Still in the context of the use of evolutionary techniques, we proposed an evolutionary method in order to obtain well formed and spatially separated clusters. The proposed algorithm uses a complete solution representation; each partition is represented by a length-variable chromosome. The variation operators were chosen to facilitate the exchange of clustering information between individuals. We have put two complementary clustering criteria together in the fitness function, so that the method can find clusters with arbitrary shapes. The k-means algorithm was the basis of the local search operator; such operator might refine the clustering solutions. The population diversity was an important issue for the algorithm, so a diversity maintenance scheme was employed. Differently from other existing clustering algorithms, our algorithm does not need the setting of the number of clusters in advance.

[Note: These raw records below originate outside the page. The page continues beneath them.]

(* Let $0<\alpha<1$ and suppose the Hilbert matrix operator $\mathcal{H}$ acts as an operator $\mathcal{H}\colon H^\infty_\alpha\to H^\infty_\alpha$. Then $$\|\mathcal{H}\|_{H^\infty_\alpha\to H^\infty_\alpha}\ \ge\ \frac{\pi}{\sin(\pi\alpha)}.$$
   Context: $\mathbb D=\{z\in\mathbb C:|z|<1\}$ and $H(\mathbb D)$ denotes the analytic functions on $\mathbb D$. For $0<\alpha<1$, the Korenblum space is $H^\infty_\alpha=\{f\in H(\mathbb D): \|f\|_{H^\infty_\alpha}=\sup_{z\in\mathbb D}(1-|z|^2)^\alpha|f(z)|<\infty\}$. The Hilbert matrix operator acts on $f(z)=\sum_{k\ge0}a_kz^k$ by $\mathcal{H}(f)(z)=\sum_{n\ge0}\big(\sum_{k\ge0}\frac{a_k}{n+k+1}\big)z^n$; equivalently $\mathcal{H}(f)(z)=\int_0^1 T_t(f)(z)\,dt$, where $T_t(f)(z)=\omega_t(z)f(\phi_t(z))$ with $\omega_t(z)=\frac{1}{(t-1)z+1}$ and $\phi_t(z)=\frac{t}{(t-1)z+1}$, $0<t<1$. *)

From Stdlib Require Import Reals.
From Coquelicot Require Import Coquelicot.
Open Scope R_scope.

(* Sum of a complex series, computed componentwise (equals the limit when the
   series converges in C). *)
Definition Csum (u : nat -> C) : C :=
  (Series (fun k => fst (u k)), Series (fun k => snd (u k))).

(* An analytic function on the unit disc D, given by its Taylor coefficients
   a : nat -> C; the power series converges at every point of D. *)
Definition analytic_on_disc (a : nat -> C) : Prop :=
  forall z : C, Cmod z < 1 -> ex_series (fun k => (a k * Cpow z k)%C).

Definition fun_of_coef (a : nat -> C) (z : C) : C :=
  Csum (fun k => (a k * Cpow z k)%C).

Definition kweight (alpha : R) (z : C) : R := Rpower (1 - Cmod z ^ 2) alpha.

Definition korenblum_norm (alpha : R) (a : nat -> C) : Rbar :=
  Lub_Rbar (fun y => exists z : C, Cmod z < 1 /\
              y = kweight alpha z * Cmod (fun_of_coef a z)).

Definition in_korenblum (alpha : R) (a : nat -> C) : Prop :=
  analytic_on_disc a /\
  exists M : R, forall z : C, Cmod z < 1 ->
      kweight alpha z * Cmod (fun_of_coef a z) <= M.

Definition hilbert_defined (a : nat -> C) : Prop :=
  forall n : nat, ex_series (fun k => (a k * RtoC (/ INR (n + k + 1)))%C).

Definition hilbert_coef (a : nat -> C) (n : nat) : C :=
  Csum (fun k => (a k * RtoC (/ INR (n + k + 1)))%C).

Definition hilbert_norm (alpha : R) : Rbar :=
  Lub_Rbar (fun y => exists a : nat -> C,
     in_korenblum alpha a /\ Rbar_le (korenblum_norm alpha a) (Finite 1) /\
     korenblum_norm alpha (hilbert_coef a) = Finite y).

From Stdlib Require Import Reals Lra Lia Psatz.
From Coquelicot Require Import Coquelicot.
Open Scope R_scope.
Let zS0 : z \in S0.
Proof.
rewrite inS0 zS andbT; apply/andP; split.
- by apply: contraTneq ezu => ->; rewrite e_irr.
- by apply: contraTneq ezu' => ->; rewrite l_leaf // (negbTE u'u).
Qed.

Let S0_adj_u x : x \in S0 -> (x \in X) = ~~ (u \in X) -> e x u.
Proof.
move=> xS0 sx; suff : e x u' by rewrite e_sym -S0_twin // e_sym.
have xS := subsetP S0S x xS0.
have [H | H] := nest0 xS0 zS0 (etrans sx (esym side_z)); last exact: H u' u'S0 ezu'.
have [q qS exq] := prime_nbr PS xS.
have [ql | ql] := eqVneq q l.
  by move: exq; rewrite ql e_sym (negbTE (S0_nonadj_l xS0)).
have [qu | qu] := eqVneq q u; first by rewrite e_sym -S0_twin // e_sym -qu.
have qS0 : q \in S0 by rewrite inS0 qu ql qS.
by have := H q qS0 exq; rewrite z_nbrs // (negbTE qu) /= => /eqP <-.
Qed.

Let nested_at_l b : b \in S -> (b \in X) = (l \in X) ->
  forall c, c \in S -> e l c -> e b c.
Proof.
move=> bS sb c cS; rewrite l_leaf // => /eqP->.
have [-> | bl] := eqVneq b l; first exact: elu.
have [bu | bu] := eqVneq b u.
  by move: sb; rewrite side_l bu; case: (u \in X).
by apply: S0_adj_u; rewrite ?inS0 ?bu ?bl ?bS // sb side_l.
Qed.

Let nested_at_u b : b \in S -> (b \in X) = (u \in X) ->
  forall c, c \in S -> e b c -> e u c.
Proof.
move=> bS sb c cS ebc.
have [<- // | bu] := eqVneq b u.
have [bl | bl] := eqVneq b l.
  by move: sb; rewrite bl side_l; case: (u \in X).
have bS0 : b \in S0 by rewrite inS0 bu bl bS.
have [cl | cl] := eqVneq c l.
  by move: ebc; rewrite cl e_sym (negbTE (S0_nonadj_l bS0)).
have [cu | cu] := eqVneq c u.
  by move: ebc; rewrite cu (negbTE (same_side_nonadj sb)).
rewrite e_sym; apply: S0_adj_u; first by rewrite inS0 cu cl cS.
by rewrite (edge_side ebc) sb.
Qed.

Let S0_nested_lift a b : a \in S0 -> b \in S0 -> (a \in X) = (b \in X) ->
  (forall c, c \in S0 -> e a c -> e b c) -> forall c, c \in S -> e a c -> e b c.
Proof.
move=> aS0 bS0 sab H c cS eac.
have [cl | cl] := eqVneq c l.
  by move: eac; rewrite cl e_sym (negbTE (S0_nonadj_l aS0)).
have [cu | cu] := eqVneq c u; last by apply: H; rewrite ?inS0 ?cu ?cl ?cS.
by rewrite cu in eac *; apply: S0_adj_u; rewrite // -sab (edge_side eac) negbK.
Qed.

Lemma leaf_reduction_nested : nested_on S.
Proof.
move=> a b aS bS sab.
have [al | al] := eqVneq a l.
  by left; rewrite al; apply: nested_at_l; rewrite -?al.
have [au | au] := eqVneq a u.
  by right; rewrite au; apply: nested_at_u; rewrite -?au.
have [bl | bl] := eqVneq b l.
  by right; rewrite bl; apply: nested_at_l; rewrite -?bl.
have [bu | bu] := eqVneq b u.
  by left; rewrite bu; apply: nested_at_u; rewrite -?bu.
have aS0 : a \in S0 by rewrite inS0 au al aS.
have bS0 : b \in S0 by rewrite inS0 bu bl bS.
by case: (nest0 aS0 bS0 sab) => H; [left | right]; apply: S0_nested_lift.
Qed.

End Joiner.
End LeafReduction.

Lemma critical_nested S : critical_on S -> nested_on S.
Proof.
have [n] := ubnP #|S|; elim: n S => // n IH S ltSn crit.
have [S3 | S4] := leqP #|S| 3; first exact: nested_small.
have [PS _] := crit.
have [l [u [lS uS l_leaf]]] := critical_leaf crit S4.
have [u' [u'Sl u'u u_twin]] := critical_leaf_twin crit S4 lS uS l_leaf.
have [u'l u'S] := setD1P u'Sl.
have [z zS z_nbrs] := critical_joiner crit S4 lS uS u'Sl u'u l_leaf u_twin.
apply: (leaf_reduction_nested PS uS u'S l_leaf u_twin u'l u'u zS z_nbrs).
have [S03 | S04] := leqP #|S :\ l :\ u| 3; first exact: nested_small.
apply: IH (leaf_reduction_critical PS lS uS u'S l_leaf u_twin u'l u'u crit S04).
rewrite ltnS in ltSn; apply: leq_trans _ ltSn; apply: proper_card.
exact: sub_proper_trans (subD1set _ u) (properD1 lS).
Qed.

(** * Prime graphs without induced P5 *)

Lemma contains_P5_of a b c d w : e a w -> e c w -> e a b -> ~~ e c b -> e c d ->
  ~~ e a d -> contains_P5 e.
Proof.
move=> eaw ecw eab /negbTE ncb ecd /negbTE nad.
have sbw : (b \in X) = (w \in X) by apply: (common_nbr_side (w := a)); rewrite e_sym.
have swd : (w \in X) = (d \in X) by apply: (common_nbr_side (w := c)); rewrite e_sym.
have /negbTE nbw := same_side_nonadj sbw.
have /negbTE nwd := same_side_nonadj swd.
have /negbTE nbd := same_side_nonadj (etrans sbw swd).
have /negbTE nac := same_side_nonadj (common_nbr_side eaw ecw).
pose f (i : 'I_5) := nth a [:: b; a; w; c; d] i.
have adj i j : e (f i) (f j) = path_adj i j.
  move: i j => [[|[|[|[|[|?]]]]] ?] [[|[|[|[|[|?]]]]] ?] //=;
  by rewrite ?e_irr ?eab ?eaw ?ecw ?ecd ?nbw ?nwd ?nbd ?nac ?ncb ?nad //
     e_sym ?eab ?eaw ?ecw ?ecd ?nbw ?nwd ?nbd ?nac ?ncb ?nad.
exists f; split=> // i j fij; apply: path_adj5_twin_free => k.
by rewrite -!adj fij.
Qed.

Lemma P5_free_common_nbr : ~ contains_P5 e -> forall a c w, e a w -> e c w ->
  (forall x, e a x -> e c x) \/ (forall x, e c x -> e a x).
Proof.
move=> NP a c w eaw ecw.
case: (classic (forall x, e a x -> e c x)) => [|H1]; first by left.
case: (classic (forall x, e c x -> e a x)) => [|H2]; first by right.
have [b eab ncb] : exists2 b, e a b & ~~ e c b.
  apply: NNPP => H; apply: H1 => x eax; apply/negPn/negP => ncx; apply: H; by exists x.
have [d ecd nad] : exists2 d, e c d & ~~ e a d.
  apply: NNPP => H; apply: H2 => x ecx; apply/negPn/negP => nax; apply: H; by exists x.
by case: NP; apply: (contains_P5_of eaw ecw eab ncb ecd nad).
Qed.

(* For xs of maximal degree in X, the vertices of X sharing a neighbour with xs,
   together with the neighbours of xs, form a union of components: a vertex of
   X with a common neighbour has a nested, hence smaller, neighbourhood. *)
Lemma P5_free_dominating : prime_on e [set: T] -> ~ contains_P5 e ->
  forall x0, x0 \in X -> exists2 x, x \in X & forall y, y \notin X -> e x y.
Proof.
move=> PT NP x0 x0X.
case: (arg_maxnP (fun x => #|nbhd x|) x0X) => xs xsX' Hmax; have xsX : xs \in X := xsX'.
pose U := [set x in X | [exists y, e x y && e xs y]].
have cM : closed_on [set: T] (U :|: nbhd xs).
  split=> [|p q]; first exact: subsetT.
  rewrite !inE => pM _; rewrite negb_or => /andP[qU qN]; apply/negP => epq.
  case/orP: pM => [/andP[pX /existsP[y0 /andP[epy exy]]] | exp].
  - case: (P5_free_common_nbr NP epy exy) => H; first by move: qN; rewrite (H _ epq).
    have E : nbhd xs = nbhd p.
      have le : #|nbhd p| <= #|nbhd xs| := Hmax p pX.
      apply/eqP; rewrite eqEcard le andbT.
      by apply/subsetP => z; rewrite !inE => /H.
    have : q \in nbhd p by rewrite inE.
    by rewrite -E inE (negbTE qN).
  - have qX : q \in X by rewrite (edge_side epq) (edge_side exp) negbK.
    move: qU; rewrite qX /=; apply/negP; rewrite negbK; apply/existsP; exists p.
    by rewrite e_sym epq exp.
have M0 : U :|: nbhd xs != set0.
  apply/set0Pn; exists xs; rewrite !inE xsX /=; apply/orP; left.
  have [q _ exq] := prime_nbr PT (in_setT xs); apply/existsP; exists q; by rewrite exq.
have E := prime_closed_on PT cM M0.
exists xs => // y yX.
have : y \in U :|: nbhd xs by rewrite E in_setT.
by rewrite !inE (negbTE yX).
Qed.

Section PrimeNested.
Hypotheses (PT : prime_on e [set: T]) (nest : nested_on [set: T]).

Let nbhd_nested a b : (a \in X) = (b \in X) ->
  nbhd a \subset nbhd b \/ nbhd b \subset nbhd a.
Proof.
move=> sab; case: (nest (in_setT a) (in_setT b) sab) => H; [left | right];
  by apply/subsetP => c; rewrite !inE; apply: H.
Qed.

Let nbhd_inj a b : nbhd a = nbhd b -> a = b.
Proof.
move=> E; apply/eqP; apply: contraT => ab; exfalso.
apply: (prime_no_twins PT (in_setT a) (in_setT b) ab) => c _ _ _.
by move/setP/(_ c): E; rewrite !inE.
Qed.

Let partner_exists x : x \in X ->
  exists2 y, y \notin X & forall x', x' \in X -> e x' y = (nbhd x \subset nbhd x').
Proof.
move=> xX; have [y0 _ exy0] := prime_nbr PT (in_setT x).
case: (arg_minnP (P := e x) (fun y => #|nbhd y|) exy0) => y exy Hmin.
have yX : y \notin X by rewrite (edge_side exy) xX.
exists y => // x' x'X; apply/idP/idP => [eyx' | /subsetP/(_ y)]; last first.
  by rewrite !inE => /(_ exy).
apply/subsetP => y'; rewrite !inE => exy'; apply: contraT => nx'y'.
have syy' : (y \in X) = (y' \in X) by apply: (common_nbr_side (w := x)); rewrite e_sym.
have [sub | sub] := nbhd_nested syy'.
- by move/subsetP/(_ x'): sub; rewrite !inE e_sym eyx' e_sym (negbTE nx'y') => /(_ isT).
- have lt : #|nbhd y'| < #|nbhd y|.
    apply: proper_card; rewrite properE sub /=.
    by apply/negP => /subsetP/(_ x'); rewrite !inE e_sym eyx' e_sym (negbTE nx'y') => /(_ isT).
  by have := Hmin y' exy'; rewrite leqNgt lt.
Qed.

Let partner_onto y : y \notin X ->
  exists2 x, x \in X & forall x', x' \in X -> e x' y = (nbhd x \subset nbhd x').
Proof.
move=> yX; have [x0 _ eyx0] := prime_nbr PT (in_setT y).
case: (arg_minnP (P := e y) (fun x => #|nbhd x|) eyx0) => x eyx Hmin.
have xX : x \in X by rewrite (edge_side eyx) yX.
exists x => // x' x'X; apply/idP/idP => [eyx' | /subsetP/(_ y)]; last first.
  by rewrite !inE !(e_sym _ y) => /(_ eyx).
have [// | sub] := nbhd_nested (etrans xX (esym x'X)).
have le : #|nbhd x| <= #|nbhd x'| by apply: Hmin; rewrite e_sym.
by have /eqP -> : nbhd x' == nbhd x by rewrite eqEcard sub.
Qed.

We also worked with meta-learning during the MSC Course. The title of the dissertation was "The Use of Meta-learning for Selecting and Ranking Clustering Algorithms Applied to Gene Expression Data". In such work, we presented a novel framework that applies a meta-learning approach to clustering algorithms. Given a dataset, our meta-learning approach provides a ranking for the candidate algorithms that could be used with that dataset. This ranking could, among other things, support non-expert users in the algorithm selection task. In order to evaluate the framework proposed, we implemented a prototype that employs regression support vector machines as the meta-learner. Our case study was developed in the context of cancer gene expression microarray datasets. Another study was also developed within the context of the dissertation, such work investigated the impact of normalization procedures in cluster analysis of gene expression datasets.

During the graduation course, we worked with multi-agent systems in order to simulate human organization using psychology theories. At that time, we also developed a study in computer games. We tackled the exploration task in games context as a multi-agent problem solved with a negotiation-based technique.